What to work on -
The following data has a line with "along f et h = f (ray_pt et h)." and a line with "- by rewrite h_mul f_mul.". Write out exactly those lines and all the lines between them.

Saved entries

Lemma coupling_term_le c x yr yi h X Y B : 0 < c -> 0 < h ->
  Rabs x <= X -> Rabs (2 * yr) <= Y -> sqrt 2 * Rabs yi * h <= B ->
  8 * c * (x * yr * yi * h) <= 2 * (sqrt 2 * X) * B * c * Y.
Proof.
  intros Hc Hh Hx Hyr Hyi.
  assert (Hq : sqrt 2 * sqrt 2 = 2) by (apply sqrt_sqrt; lra).
  assert (Hqpos : 0 < sqrt 2) by (apply sqrt_lt_R0; lra).
  rewrite Rabs_mult, (Rabs_right 2) in Hyr by lra.
  assert (Habs : x * yr * yi * h <= Rabs x * Rabs yr * (Rabs yi * h)).
  { eapply Rle_trans; [apply Rle_abs|].
    rewrite !Rabs_mult, (Rabs_right h) by lra; right; ring. }
  assert (Hprod : Rabs x * Rabs yr <= X * (Y / 2)).
  { apply Rmult_le_compat; try apply Rabs_pos; lra. }
  assert (0 <= Rabs x * Rabs yr) by (apply Rmult_le_pos; apply Rabs_pos).
  assert (0 <= Rabs yi * h) by (apply Rmult_le_pos; [apply Rabs_pos | lra]).
  apply (Rmult_le_reg_l (sqrt 2)); [exact Hqpos|].
  replace (sqrt 2 * (2 * (sqrt 2 * X) * B * c * Y)) with (4 * c * X * Y * B)
    by (transitivity (2 * (sqrt 2 * sqrt 2) * X * B * c * Y); [rewrite Hq|]; ring).
  apply Rle_trans with (8 * c * (Rabs x * Rabs yr) * (sqrt 2 * (Rabs yi * h))).
  { replace (8 * c * (Rabs x * Rabs yr) * (sqrt 2 * (Rabs yi * h)))
      with (sqrt 2 * (8 * c * (Rabs x * Rabs yr * (Rabs yi * h)))) by ring.
    apply Rmult_le_compat_l; nra. }
  apply Rle_trans with (8 * c * (X * (Y / 2)) * B); [|right; field].
  apply Rmult_le_compat.
  - apply Rmult_le_pos; lra.
  - apply Rmult_le_pos; lra.
  - apply Rmult_le_compat_l; lra.
  - lra.
Qed.

Lemma elapsed_time_lower_bound gain rate K dt :
  0 < K -> 0 <= dt -> gain = rate * dt -> rate <= K -> gain / K <= dt.
Proof.
  intros HK Hdt -> Hrate. apply Rle_div_l; [lra|].
  rewrite Rmult_comm; apply Rmult_le_compat_l; assumption.
Qed.

Section ShiftedSystem.

Variables (c A sigma : R) (I : R -> Prop) (x yr yi z h : R -> R) (tb t0 : R).

Let xi t := x t ^ 2 + A * z t ^ 2.
Let xi' t := 2 * x t * ((- x t + 4 * c * yr t * yi t + x t * xi t) * h t)
  + A * (2 * z t * ((- A + xi t) * z t * h t)).

Hypothesis HA : 0 <= A <= 1.
Hypothesis Hh : forall t, I t -> 0 < h t.
Hypothesis Hx' : forall t, I t -> has_deriv_within I x t
  ((- x t + 4 * c * yr t * yi t + x t * (x t ^ 2 + A * z t ^ 2)) * h t).
Hypothesis Hz' : forall t, I t -> has_deriv_within I z t
  ((- A + (x t ^ 2 + A * z t ^ 2)) * z t * h t).
Hypothesis Hh' : forall t, I t -> has_deriv_within I h t
  (- (x t ^ 2 + A * z t ^ 2) * h t ^ 2).
Hypothesis Hcon1 : forall t, I t ->
  x t ^ 2 + 4 * yr t ^ 2 + z t ^ 2 = 1 - sigma / h t ^ 2.
Hypothesis Hsigma : 0 < sigma.
Hypothesis Htb_t0 : tb <= t0.
Hypothesis Hsub : forall t, tb <= t <= t0 -> I t.

Lemma xi_clamp_continuous : continuity (fun t => xi (clamp tb t0 t)).
Proof.
  assert (Hcx := continuity_pt_clamp_comp I x tb t0 Htb_t0 Hsub
    (fun t Ht => ex_intro _ _ (Hx' t (Hsub t Ht)))).
  assert (Hcz := continuity_pt_clamp_comp I z tb t0 Htb_t0 Hsub
    (fun t Ht => ex_intro _ _ (Hz' t (Hsub t Ht)))).
  intros t; unfold xi; simpl.
  apply continuity_pt_plus.
  - apply continuity_pt_mult; [apply Hcx|]. apply continuity_pt_mult; [apply Hcx|].
    apply continuity_pt_const; intros ? ?; reflexivity.
  - apply continuity_pt_mult; [apply continuity_pt_const; intros ? ?; reflexivity|].
    apply continuity_pt_mult; [apply Hcz|]. apply continuity_pt_mult; [apply Hcz|].
    apply continuity_pt_const; intros ? ?; reflexivity.
Qed.
(* The slope of the envelope at the origin is the slope of some line through
   [(0, F 0)]: otherwise each of the finitely many lines would meet the graph
   of [F] at most once on [(0, eps)]. *)
Lemma envelope_slope s : 0 < eps ->
  (forall h, 0 < h -> h < eps -> F h = F 0 + s * h) ->
  exists m, active 0 m /\ tau m = s.
Proof.
move=> e0 slope; apply: contrapT => none.
apply: (@no_finite_point_cover R T eps
  (fun m h => c m + tau m * h = F 0 + s * h /\ tau m != s) e0).
- move=> m h h' [E1 ns] [E2 _].
  have : (tau m - s) * (h - h') = 0 by lra.
  by move/eqP; rewrite mulf_eq0 subr_eq0 (negbTE ns) subr_eq0 => /eqP.
move=> h h0 h1; have [_ [m Em]] := env (ltW h0) h1; exists m.
rewrite -slope // Em; split=> //; apply/eqP => ts; apply: none; exists m.
by split=> //; move: Em; rewrite /active slope // ts mulr0 addr0; lra.
Qed.

End Envelope.

Section EnvelopeShift.
Variables (R : realType) (T : finType) (c tau : T -> R) (F : R -> R) (eps : R).
Hypothesis env : envelope c tau F eps.

Lemma envelope_shiftr h : 0 <= h ->
  envelope (fun m => c m + tau m * h) tau (fun t => F (h + t)) (eps - h).
Proof.
move=> h0 t t0 t1; have ht : h + t < eps by lra.
have [le [m E]] := env (addr_ge0 h0 t0) ht.
split; first by move=> m'; have := le m'; rewrite mulrDr addrA.
by exists m; rewrite E mulrDr addrA.
Qed.

Lemma envelope_shiftl h : h < eps ->
  envelope (fun m => c m + tau m * h) (fun m => - tau m) (fun t => F (h - t)) h.
Proof.
move=> h1 t t0 t1; have ht0 : 0 <= h - t by lra.
have ht1 : h - t < eps by lra.
have [le [m E]] := env ht0 ht1.
split; first by move=> m'; have := le m'; rewrite mulrBr; lra.
by exists m; rewrite E mulrBr; lra.
Qed.

(* [sf] and [sb] are the outgoing slopes of [F] at [h], so the last hypothesis
   says that the divisor of [F] at [h] is positive. *)
Lemma envelope_kink h sf sb e1 e2 : 0 < h -> h < eps -> 0 < e1 -> 0 < e2 ->
  (forall t, 0 < t -> t < e1 -> F (h + t) = F h + sf * t) ->
  (forall t, 0 < t -> t < e2 -> F (h - t) = F h + sb * t) ->
  sf + sb + 1 <= 0 -> exists lo, kink c tau F h lo.
Proof.
move=> h0 h1 e10 e20 fwd bwd sum.
have envr : envelope (fun m => c m + tau m * h) tau (fun t => F (h + t))
    (Order.min e1 (eps - h)).
  by apply: (envelopeW (envelope_shiftr (ltW h0))); rewrite ge_min lexx orbT.
have envl : envelope (fun m => c m + tau m * h) (fun m => - tau m)
    (fun t => F (h - t)) (Order.min e2 h).
  by apply: (envelopeW (envelope_shiftl h1)); rewrite ge_min lexx orbT.
have [|t t0|lo [Alo Tlo]] := envelope_slope (s := sf) envr.
- by rewrite lt_min e10 subr_gt0 h1.
- by rewrite lt_min addr0 => /andP[t1 _]; apply: fwd.
have [|t t0|hi [Ahi Thi]] := envelope_slope (s := sb) envl.
- by rewrite lt_min e20 h0.
- by rewrite lt_min subr0 => /andP[t1 _]; apply: bwd.
move: Alo Ahi; rewrite /active addr0 subr0 !mulr0 !addr0 => Alo Ahi.
by exists lo; split=> //; exists hi => //; lra.
Qed.

End EnvelopeShift.

(* The line [m], active at [x], lies within [2 C x] of the common minimum at
   the origin, while [m'], leaving at a kink at [y], lies at least [y] above it. *)
Lemma kink_cross (R : realType) (T : finType) (c ti tj : T -> R) (Fi Fj : R -> R)
    eps C x y m0 m m' :
  envelope c ti Fi eps -> envelope c tj Fj eps -> (forall m, `|ti m| <= C) ->
  0 <= x -> x < eps -> 0 < y -> y < eps -> 2 * C * x < y ->
  active c ti Fi 0 m0 -> active c ti Fi x m -> kink c tj Fj y m' -> tj m' < tj m.
Proof.
move=> envi envj tiC x0 x1 y0 y1 xy A0 Ax Ky.
have [_ [m1 A1]] := envj 0 (lexx 0) (lt_trans y0 y1).
have Fij : Fi 0 = Fj 0.
  have := envelope_le envi m1 (lexx 0) (le_lt_trans x0 x1).
  have := envelope_le envj m0 (lexx 0) (lt_trans y0 y1).
  by move: A0 A1; rewrite /active !mulr0 !addr0 => <- <- ? ?; apply/le_anti/andP.
have cm := active_const_le envi x0 x1 A0 Ax.
have cm' := kink_const_ge envj (ltW y0) y1 Ky.
have := tiC m0; have := tiC m; rewrite !ler_norml => /andP[? ?] /andP[? ?].
have : (ti m0 - ti m) * x <= 2 * C * x by rewrite ler_wpM2r //; lra.
move=> dx; apply: (active_slope_lt envj y0 y1 Ky.1); lra.
Qed.

Lemma tcomb_le (R : realType) (G : mgraph R) (n : nat) (g : 'I_n.+1 -> tfun G)
    (a : 'I_n.+1 -> R) q m :
  tcomb g a q <= g m q + a m.
Proof. exact: bigmin_le. Qed.

Lemma tcomb_attained (R : realType) (G : mgraph R) (n : nat)
    (g : 'I_n.+1 -> tfun G) (a : 'I_n.+1 -> R) q :
  exists m, tcomb g a q = g m q + a m.
Proof.
rewrite /tcomb; elim/big_ind: _ => [|x y [m ->] [m' ->]|m _]; first by exists ord0.
- by rewrite /Order.min; case: ifP => _; [exists m|exists m'].
by exists m.
Qed.

Section Ray.
Variables (R : realType) (G : mgraph R) (p : gpt G).
Hypothesis vp : valid p.

Definition ray_par (et : dir G) (h : R) : R :=
  bpar p et + (if et.2 then - h else h).

Definition along (f : tfun G) (et : dir G) (h : R) : R :=
  edgev f et.1 (ray_par et h).

Definition ray_pt (et : dir G) (h : R) : gpt G := inr (et.1, ray_par et h).

(* [ray_pt et h] is a genuine point of the open edge for [0 < h < reach et]. *)
Definition reach (et : dir G) : R :=
  match p with
  | inl _ => mg_len G et.1
  | inr (_, t) => Order.min t (mg_len G et.1 - t)
  end.

Lemma reach_gt0 et : tdir p et -> 0 < reach et.
Proof.
rewrite /reach; case: p vp => [v|[e t]] /=; first by rewrite mg_len_gt0.
by move=> /andP [t0 tl] /eqP ->; rewrite lt_min t0 subr_gt0 tl.
Qed.

Lemma ray_par_in et h : tdir p et -> 0 < h -> h < reach et ->
  0 < ray_par et h < mg_len G et.1.
Proof.
rewrite /ray_par /reach /bpar; case: p vp => [v|[e t]] /=.
  by move=> _ _ h0 hl; case: et.2; apply/andP; split; lra.
move=> /andP [t0 tl] /eqP E h0; rewrite lt_min E => /andP [h1 h2].
by case: et.2; apply/andP; split; lra.
Qed.

Lemma ray_pt_valid et h : tdir p et -> 0 < h -> h < reach et -> valid (ray_pt et h).
Proof. exact: ray_par_in. Qed.

Lemma along_ray_pt f et h : tdir p et -> 0 < h -> h < reach et ->
  along f et h = f (ray_pt et h).
Proof.
move=> te h0 h1; have /andP [a b] := ray_par_in te h0 h1.
by rewrite /along /edgev (gt_eqF a) (lt_eqF b).
Qed.
Lemma alg_morphB : {morph f : x y / x - y}.
Proof. exact: zmod_morphism_linear alg_morph_linear. Qed.

Lemma alg_morph0 : f 0 = 0.
Proof. by rewrite -(subrr (0 : A)) alg_morphB subrr. Qed.

Lemma alg_morphN : {morph f : x / - x}.
Proof. by move=> x; rewrite -sub0r alg_morphB alg_morph0 sub0r. Qed.

Lemma alg_morphD : {morph f : x y / x + y}.
Proof. by move=> x y; rewrite -{1}[y]opprK alg_morphB alg_morphN opprK. Qed.

Lemma alg_morphZ a : {morph f : x / a *: x}.
Proof. by move=> x; rewrite -[a *: x]addr0 alg_morph_linear alg_morph0 addr0. Qed.

Lemma alg_morphM : {morph f : x y / x * y}. Proof. by case: f_morph. Qed.

Lemma alg_morph1 : f 1 = 1. Proof. by case: f_morph. Qed.

Lemma alg_morph_prod (I : Type) (r : seq I) (h : I -> A) :
  f (\prod_(i <- r) h i) = \prod_(i <- r) f (h i).
Proof. exact: (big_morph f alg_morphM alg_morph1). Qed.

End AlgebraMorphism.

Lemma alg_morph_comp (R : pzRingType) (A B C : algType R) (f : B -> C) (h : A -> B) :
  alg_morph f -> alg_morph h -> alg_morph (f \o h).
Proof.
move=> [f_lin f_mul f1] [h_lin h_mul h1]; split=> [a x y|x y|] /=.
- by rewrite h_lin f_lin.
- by rewrite h_mul f_mul.
- by rewrite h1 f1.
Qed.

Lemma alg_morph_id (R : pzRingType) (A : algType R) : alg_morph (@id A).
Proof. by []. Qed.

Lemma Ephi_homog_intertwine (F : fieldType) (A : algType F) (f h psi : A -> A) b x :
  alg_morph psi -> (forall x, f (psi x) = psi (h x)) ->
  Ephi_homog h b x -> Ephi_homog f b (psi x).
Proof.
by move=> psi_morph psi_hf; rewrite /Ephi_homog psi_hf => ->; case: b; rewrite ?alg_morphN.
Qed.

Section AnticommutingFamily.
Variables (F : fieldType) (A : algType F) (y : nat -> A).
Hypothesis y_anticomm : forall i j, y i * y j = - (y j * y i).
Hypothesis y_sq0 : forall i, y i * y i = 0.

Local Notation ym := (gmono y).

Lemma mul_lincomb_gmono i r : y i * lincomb ym r = lincomb ym (map (wedge_term i) r).
Proof.
rewrite /lincomb mulr_sumr big_map; apply: eq_bigr => p _.
by rewrite -scalerAr /gmono (prod_wedge_insert y_anticomm y_sq0) -scalerMzr scalerMzl.
Qed.

Lemma mul_gmono n s : y n * ym s = (-1) ^+ size s *: (ym s * y n).
Proof.
elim: s => [|i s IH]; first by rewrite /gmono big_nil mulr1 mul1r scale1r.
rewrite /gmono in IH *; rewrite !big_cons mulrA y_anticomm mulNr -[y i * y n * _]mulrA.
by rewrite IH -scalerAr exprS mulN1r scaleNr !mulrA.
Qed.

Lemma mul_gmono_mem0 j s : j \in s -> y j * ym s = 0.
Proof.
elim: s => [|i s IH] //; rewrite inE /gmono big_cons => /predU1P [-> | j_s].
  by rewrite mulrA y_sq0 mul0r.
by rewrite mulrA y_anticomm mulNr -mulrA IH // mulr0 oppr0.
Qed.
Lemma root_forces_box a : In (Box a) G -> forces (root G ks) (Box a).
Proof.
  intros HG u Hu; inversion Hu as [t c v Hin Hcu | t b c v Hin Hcu]; subst;
    destruct (root_child_good _ Hin) as (Hc & Hf & Hbox).
  - eapply forces_reach; [exact Hc | exact Hcu |]; exact (Hbox eq_refl a HG).
  - exact (proj1 (Forall_forall _ _) Hf _ HG u Hcu).
Qed.

End Root.

Lemma finite_choice {X Y : Type} (P : Y -> Prop) (Q : X -> Y -> Prop) (L : list X) :
  exists ks, Forall P ks /\
    forall A, In A L -> (exists k, P k /\ Q A k) -> exists k, In k ks /\ Q A k.
Proof.
  induction L as [| A L (ks & Hks & Hwit)].
  - exists []; split; [constructor | intros A []].
  - destruct (classic (exists k, P k /\ Q A k)) as [(k & Hk & HQ) | Hnone].
    + exists (k :: ks); split; [constructor; assumption |].
      intros A' [<- | HA'] Hex; [exists k; simpl; auto |].
      destruct (Hwit A' HA' Hex) as (k' & Hin & HQ'); exists k'; simpl; auto.
    + exists ks; split; [exact Hks |].
      intros A' [<- | HA'] Hex; [contradiction | auto].
Qed.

Exercise solution -
  along f et h = f (ray_pt et h).
Proof.
move=> te h0 h1; have /andP [a b] := ray_par_in te h0 h1.
by rewrite /along /edgev (gt_eqF a) (lt_eqF b).
Qed.
Lemma alg_morphB : {morph f : x y / x - y}.
Proof. exact: zmod_morphism_linear alg_morph_linear. Qed.

Lemma alg_morph0 : f 0 = 0.
Proof. by rewrite -(subrr (0 : A)) alg_morphB subrr. Qed.

Lemma alg_morphN : {morph f : x / - x}.
Proof. by move=> x; rewrite -sub0r alg_morphB alg_morph0 sub0r. Qed.

Lemma alg_morphD : {morph f : x y / x + y}.
Proof. by move=> x y; rewrite -{1}[y]opprK alg_morphB alg_morphN opprK. Qed.

Lemma alg_morphZ a : {morph f : x / a *: x}.
Proof. by move=> x; rewrite -[a *: x]addr0 alg_morph_linear alg_morph0 addr0. Qed.

Lemma alg_morphM : {morph f : x y / x * y}. Proof. by case: f_morph. Qed.

Lemma alg_morph1 : f 1 = 1. Proof. by case: f_morph. Qed.

Lemma alg_morph_prod (I : Type) (r : seq I) (h : I -> A) :
  f (\prod_(i <- r) h i) = \prod_(i <- r) f (h i).
Proof. exact: (big_morph f alg_morphM alg_morph1). Qed.

End AlgebraMorphism.

Lemma alg_morph_comp (R : pzRingType) (A B C : algType R) (f : B -> C) (h : A -> B) :
  alg_morph f -> alg_morph h -> alg_morph (f \o h).
Proof.
move=> [f_lin f_mul f1] [h_lin h_mul h1]; split=> [a x y|x y|] /=.
- by rewrite h_lin f_lin.
- by rewrite h_mul f_mul.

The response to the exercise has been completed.